Even as we?increase?our machine sizes, data warehouses, data pipelines, etc, we completely?understand the costs and benefits?that come with it and have full control of turning it on and off if needed.

This had and will save us from a lot of headaches.

 

Conclusion

 
 



Photo by?Fernando Brasil?on?Unsplash

 

If you’ve read until this point, you must really have a thing for data.
You should!

We’ve already made ETLs and ELTs. Who knows what kind of pipelines we will be building in the?future?

In this article, we talked about —

  • What are ELT/ETL Data Pipelines?
  • How I redesigned ETL to ELT Pipelines
  • Why I did it

As usual, I end with a quote.


Data is the new science. Big Data holds the answers
—Pet Gelsinger


 

Subscribe to my newsletter to stay in touch.

 
You can also support me by signing up for a medium membership through?my link. You will be able to read an unlimited amount of stories from me and other incredible writers!

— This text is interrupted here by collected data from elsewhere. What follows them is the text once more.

(* Let $\vec r\in\mathbb Z^n$. For every $\sigma\in H_{\vec r}$ and $\tau,\rho\in S_n$, $$\vartheta_{\vec r}(\sigma\tau,\rho)=\vartheta_{\vec r}(\sigma,\tau\rho)\,\vartheta_{\vec r}(\tau,\rho).$$
   Context: $n\ge2$, $\theta\in M_n(\mathbb R)$ skew-symmetric, $\omega_{ij}=e^{2\pi i\theta_{ij}}$. $S_n$ acts on $\mathbb Z^n$ by $\sigma\vec r=(r_{\sigma^{-1}(1)},\dots,r_{\sigma^{-1}(n)})$; $H_{\vec r}=\{\sigma\in S_n:\sigma\vec r=\vec r\}$. For $\sigma,\tau\in S_n$: $\vartheta_{\vec r}(\sigma,\tau)=\prod_{i<j,\ \sigma(i)>\sigma(j)}(\omega_{\tau^{-1}(j),\tau^{-1}(i)})^{r_{\sigma(i)}r_{\sigma(j)}}$. *)

From HB Require Import structures.
From mathcomp Require Import all_boot all_order all_algebra all_fingroup.
From mathcomp Require Import reals trigo.
From mathcomp.real_closed Require Import complex.
Set Implicit Arguments. Unset Strict Implicit. Unset Printing Implicit Defensive.
Import Order.TTheory GRing.Theory Num.Theory.
Local Open Scope ring_scope.

(* Indices {1,..,n} are rendered as 'I_n = {0,..,n-1}; S_n = 'S_n = {perm 'I_n}. *)

(* omega_{ij} = e^{2 pi i theta_{ij}} = cos(2 pi theta_ij) + i sin(2 pi theta_ij) *)
Definition omega (R : realType) (n : nat) (theta : 'M[R]_n) (i j : 'I_n)
  : complex R :=
  (cos (2 * pi * theta i j) +i* sin (2 * pi * theta i j))%C.

(* Composition sigma tau of permutations as functions: (sigma tau)(x) = sigma (tau x).
   Note: in MathComp, (s * t)%g x = t (s x), hence sigma o tau = (tau * sigma)%g. *)
Definition scomp (n : nat) (s t : 'S_n) : 'S_n := (t * s)%g.

Definition pact (n : nat) (s : 'S_n) (r : 'I_n -> int) : 'I_n -> int :=
  fun i => r ((s^-1)%g i).

Definition Hstab (n : nat) (r : 'I_n -> int) : {set 'S_n} :=
  [set s : 'S_n | [forall i, pact s r i == r i]].

Definition vartheta (R : realType) (n : nat) (theta : 'M[R]_n)
  (r : 'I_n -> int) (s t : 'S_n) : complex R :=
  \prod_(p : 'I_n * 'I_n | (p.1 < p.2)%N && (s p.2 < s p.1)%N)
     (omega theta ((t^-1)%g p.2) ((t^-1)%g p.1)) ^ (r (s p.1) * r (s p.2)).

From HB Require Import structures.
From mathcomp Require Import all_boot all_order all_algebra all_fingroup.
From mathcomp Require Import reals trigo.
From mathcomp.real_closed Require Import complex.
Import GRing.Theory Num.Theory.
Local Open Scope ring_scope.
Set Implicit Arguments. Unset Strict Implicit. Unset Printing Implicit Defensive.

(* For injective rankings a, b of a finite set and a weight F on ordered pairs
   with F(i,j) F(j,i) = 1, let inv_prod a b F be the product of F(i,j) over the
   pairs (i,j) ordered by a and reversed by b.  Checking each unordered pair
   {i,j} separately gives the cocycle identity
     inv_prod a c F = inv_prod a b F * inv_prod b c F.
   For sigma in H_r the exponents r_{sigma(i)} r_{sigma(j)} only see r, and after
   reindexing vartheta_r(sigma, tau rho) along tau the three factors of the
   lemma become inv_prod for the rankings (id, sigma tau), (tau, sigma tau) and
   (id, tau) of a single weight built from rho and r o tau; this weight is
   antisymmetric because theta is skew-symmetric. *)

Section InversionProduct.

Variables (T : finType) (C : comPzSemiRingType).
Implicit Types (a b c : T -> nat) (F G : T * T -> C).

Definition inv_prod a b F : C :=
  \prod_(p : T * T | (a p.1 < a p.2)%N && (b p.2 < b p.1)%N) F p.

Lemma eq_inv_prod a a' b b' F G :
  a =1 a' -> b =1 b' -> F =1 G -> inv_prod a b F = inv_prod a' b' G.
Proof.
by move=> eq_a eq_b eq_F; apply: eq_big => [p|p _]; rewrite ?eq_a ?eq_b.
Qed.

Lemma inv_prod_reindex (t : {perm T}) a b F :
  inv_prod a b F
  = inv_prod (a \o t) (b \o t) (fun p => F (t p.1, t p.2)).
Proof.
have t2_inj : injective (fun p : T * T => (t p.1, t p.2)).
  by move=> [x y] [x' y'] /= [/perm_inj -> /perm_inj ->].
by rewrite /inv_prod (reindex_inj t2_inj).
Qed.

Lemma prod_pairs_oriented a G : injective a -> (forall x, G (x, x) = 1) ->
  \prod_p G p = \prod_(p : T * T | (a p.1 < a p.2)%N) (G p * G (p.2, p.1)).
Proof.
move=> a_inj G_diag.
rewrite (bigID (fun p : T * T => (a p.1 < a p.2)%N)) big_split /=.
congr (_ * _).
rewrite (bigID (fun p : T * T => p.1 == p.2)) /= big1 ?mul1r; last first.
  by move=> [x y] /andP[_ /eqP /= ->].
have swap_inv : involutive (fun p : T * T => (p.2, p.1)) by case.
rewrite (reindex_inj (inv_inj swap_inv)) /=.
apply: eq_bigl => -[x y] /=.
case: (ltngtP (a x) (a y)) => [lt_xy|//|/a_inj ->]; last by rewrite eqxx.
by apply: contraTneq lt_xy => ->; rewrite ltnn.
Qed.

Lemma inv_prod_pairs a b c F : injective a ->
  inv_prod b c F
  = \prod_(p : T * T | (a p.1 < a p.2)%N)
      ((if (b p.1 < b p.2)%N && (c p.2 < c p.1)%N then F p else 1)
       * (if (b p.2 < b p.1)%N && (c p.1 < c p.2)%N then F (p.2, p.1) else 1)).
Proof.
move=> a_inj; rewrite /inv_prod big_mkcond (prod_pairs_oriented a_inj) //.
by move=> x; rewrite ltnn.
Qed.

Lemma inv_prod_trans a b c F :
  injective a -> injective b -> injective c ->
  (forall i j, F (i, j) * F (j, i) = 1) ->
  inv_prod a c F = inv_prod a b F * inv_prod b c F.
Proof.
move=> a_inj b_inj c_inj F_anti.
rewrite !(inv_prod_pairs _ _ _ a_inj) -big_split /=.
apply: eq_bigr => -[i j] /= lt_ij.
have neq_ij : i != j by apply: contraTneq lt_ij => ->; rewrite ltnn.
have -> : (a j < a i)%N = false by rewrite ltnNge ltnW.
rewrite lt_ij /=.
case: (ltngtP (b i) (b j)) => [lt_b|lt_b|/b_inj eq_b] /=.
- by rewrite !mul1r.
- case: (ltngtP (c i) (c j)) => [lt_c|lt_c|/c_inj eq_c] /=.
  + by rewrite !(mul1r, mulr1) F_anti.
  + by rewrite !(mul1r, mulr1).
  + by rewrite eq_c eqxx in neq_ij.
- by rewrite eq_b eqxx in neq_ij.
Qed.

End InversionProduct.

Lemma omega_antisym (R : realType) (n : nat) (theta : 'M[R]_n)
    (i j : 'I_n) : theta^T = - theta ->
  omega theta i j * omega theta j i = 1.
Proof.
move=> htheta; rewrite /omega.
have -> : theta j i = - theta i j.
  by have := congr1 (fun M : 'M[R]_n => M i j) htheta; rewrite !mxE.
rewrite mulrN cosN sinN; set c := cos _; set s := sin _.
apply/eqP; rewrite eq_complex /=; apply/andP; split; apply/eqP.
  by rewrite -(cos2Dsin2 (2 * pi * theta i j)) !expr2 mulrN opprK.
by rewrite mulrN mulrC addNr.
Qed.

Definition vartheta_factor (R : realType) (n : nat) (theta : 'M[R]_n)
    (r : 'I_n -> int) (t : 'S_n) (p : 'I_n * 'I_n) : complex R :=
  omega theta ((t^-1)%g p.2) ((t^-1)%g p.1) ^ (r p.1 * r p.2).

Lemma vartheta_factor_antisym (R : realType) (n : nat) (theta : 'M[R]_n)
    (r : 'I_n -> int) (t : 'S_n) (i j : 'I_n) : theta^T = - theta ->
  vartheta_factor theta r t (i, j) * vartheta_factor theta r t (j, i) = 1.
Proof.
by move=> htheta; rewrite /vartheta_factor /= [r j * _]mulrC -expfzMl
  omega_antisym // exp1rz.
Qed.

Lemma vartheta_factor_scomp (R : realType) (n : nat) (theta : 'M[R]_n)
    (r : 'I_n -> int) (tau rho : 'S_n) (i j : 'I_n) :
  vartheta_factor theta r (scomp tau rho) (tau i, tau j)
  = vartheta_factor theta (r \o tau) rho (i, j).
Proof. by rewrite /vartheta_factor /scomp /= invMg !permM !permK. Qed.

Lemma vartheta_inv_prod (R : realType) (n : nat) (theta : 'M[R]_n)
    (r : 'I_n -> int) (s t : 'S_n) :
  vartheta theta r s t
  = inv_prod (@nat_of_ord n) (@nat_of_ord n \o s)
      (vartheta_factor theta (r \o s) t).
Proof. by []. Qed.

Lemma scompE (n : nat) (s t : 'S_n) (i : 'I_n) : scomp s t i = s (t i).
Proof. by rewrite /scomp permM. Qed.

Lemma Hstab_fix (n : nat) (r : 'I_n -> int) (s : 'S_n) (i : 'I_n) :
  s \in Hstab r -> r (s i) = r i.
Proof. by rewrite inE => /forallP /(_ (s i)) /eqP; rewrite /pact permK. Qed.

Theorem lemma4p10 (R : realType) (n : nat) (hn : (2 <= n)%N)
  (theta : 'M[R]_n) (htheta : theta^T = - theta)
  (r : 'I_n -> int) (sigma tau rho : 'S_n) (hsigma : sigma \in Hstab r) :
  vartheta theta r (scomp sigma tau) rho
  = vartheta theta r sigma (scomp tau rho) * vartheta theta r tau rho.
Proof.
pose F := vartheta_factor theta (r \o tau) rho.
have ord_inj (s : 'S_n) : injective (@nat_of_ord n \o s).
  exact: inj_comp val_inj (@perm_inj _ s).
have -> : vartheta theta r (scomp sigma tau) rho
          = inv_prod (@nat_of_ord n) (@nat_of_ord n \o sigma \o tau) F.
  rewrite vartheta_inv_prod; apply: eq_inv_prod => [//|i|[i j]] /=.
    by rewrite scompE.
  by rewrite /F /vartheta_factor /= !scompE !(Hstab_fix _ hsigma).
have -> : vartheta theta r sigma (scomp tau rho)
          = inv_prod (@nat_of_ord n \o tau) (@nat_of_ord n \o sigma \o tau) F.
  rewrite vartheta_inv_prod (inv_prod_reindex tau (@nat_of_ord n)).
  apply: eq_inv_prod => [//|//|[i j]].
  rewrite vartheta_factor_scomp /F /vartheta_factor /=.
  by rewrite !(Hstab_fix _ hsigma).
rewrite mulrC (vartheta_inv_prod _ _ tau); apply: inv_prod_trans.
- exact: val_inj.
- exact: ord_inj.
- exact: inj_comp (ord_inj sigma) perm_inj.
- by move=> i j; apply: vartheta_factor_antisym.
Qed.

I am working on more stories, writings, and guides in the data industry. You can absolutely expect more posts like this. In the meantime, feel free to check out my other?articles?to temporarily fill your hunger for data.

Thanks?for reading! If you want to get in touch with me, feel free to reach me at nickmydata@gmail.com or my?LinkedIn Profile. You can also view the code for previous write-ups in my?Github.

 
Bio: Nicholas Leong is a data engineer, currently working in an online classifieds tech company. In his years of experience, Nicholas has fully designed batch and streaming pipelines, improved data warehousing solutions, and performed machine learning projects for the organization. During his free time, Nicholas likes to work on his own projects to improve his skills. He also write about his work, projects, and experiences to share them with the world. Visit my site to check out my work!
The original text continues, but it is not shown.